# Provided records
Section Relaxation.
Variables (R : realType) (I J K Z W : finType) (Sg : Type).
Variable D : instance R I J K Z W Sg.

Local Notation L := (nL D).

Hypothesis lper_range :
  forall t, (1 <= t <= nT D)%N -> (1 <= lper D t <= L)%N.
Hypothesis NREC_gt0 : forall l, (1 <= l <= L)%N -> (0 < NREC D l)%N.
Hypothesis NCP_gt0 :
  forall l k, (1 <= l <= L)%N -> k \in KCP D -> (0 < NCP D l k)%N.
Hypotheses (uREC_ge0 : 0 <= uREC D) (uCP_ge0 : 0 <= uCP D).
Hypothesis fREC_concave : forall z j, concave_on_nonneg (fREC D z j).
Hypothesis fCP_concave : forall z k, concave_on_nonneg (fCP D z k).
Hypothesis fREC0 : forall z j, fREC D z j 0 = 0.
Hypothesis fCP0 : forall z k, fCP D z k 0 = 0.
Hypothesis gamma_le1 : gamma D <= 1.

Definition expand_plan (y : mivars R J K Z) : plvars R J K Z :=
  PlVars (fun z l j => expand_modules (uREC D) (yRECp y z l j) (nREC y z l j))
         (fun z l k => expand_modules (uCP D) (yCPp y z l k) (nCPi y z l k)).

Lemma expand_plan_feasible x y :
  PMI_feasible D x y -> P_feasible D x (expand_plan y).
Proof.
move=> [x_op [REC_bnd [CP_bnd [REC_cap [CP_cap [REC_mon CP_mon]]]]]].
have expand_bnd (u r : R) m n : 0 <= u -> 0 <= r <= u ->
    0 <= expand_modules u r m n <= u.
  move=> u0 r_bnd; rewrite /expand_modules.
  by do 2?case: ifP => _; rewrite ?lexx ?u0.
split=> //; split; [|split; [|split; [|split; [|split]]]].
- move=> z l j n l_range _ /=; have [_ r_bnd] := REC_bnd z l j l_range.
  exact: expand_bnd.
- move=> z l k n l_range kCP _ /=; have [_ r_bnd] := CP_bnd z l k l_range kCP.
  exact: expand_bnd.
- move=> t w z j t_range wt /=.
  have [m_lt _] := REC_bnd z (lper D t) j (lper_range t_range).
  by rewrite sum_expand_modules_id //; apply: REC_cap.
- move=> t w z k t_range wt kCP /=.
  have [m_lt _] := CP_bnd z (lper D t) k (lper_range t_range) kCP.
  by rewrite sum_expand_modules_id //; apply: CP_cap.
- move=> z l j l_range /=.
  have [l1_range l0_range] := planning_pred_range l_range.
  have [m1_lt _] := REC_bnd z l.-1 j l1_range.
  have [m_lt _] := REC_bnd z l j l0_range.
  by rewrite !sum_expand_modules_id //; apply: REC_mon.
- move=> z l k l_range kCP /=.
  have [l1_range l0_range] := planning_pred_range l_range.
  have [m1_lt _] := CP_bnd z l.-1 k l1_range kCP.
  have [m_lt _] := CP_bnd z l k l0_range kCP.
  by rewrite !sum_expand_modules_id //; apply: CP_mon.
Qed.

# Problem to work on
Copy out all lines above holding "forall".

# Result for this exercise
  forall t, (1 <= t <= nT D)%N -> (1 <= lper D t <= L)%N.
Hypothesis NREC_gt0 : forall l, (1 <= l <= L)%N -> (0 < NREC D l)%N.
  forall l k, (1 <= l <= L)%N -> k \in KCP D -> (0 < NCP D l k)%N.
Hypothesis fREC_concave : forall z j, concave_on_nonneg (fREC D z j).
Hypothesis fCP_concave : forall z k, concave_on_nonneg (fCP D z k).
Hypothesis fREC0 : forall z j, fREC D z j 0 = 0.
Hypothesis fCP0 : forall z k, fCP D z k 0 = 0.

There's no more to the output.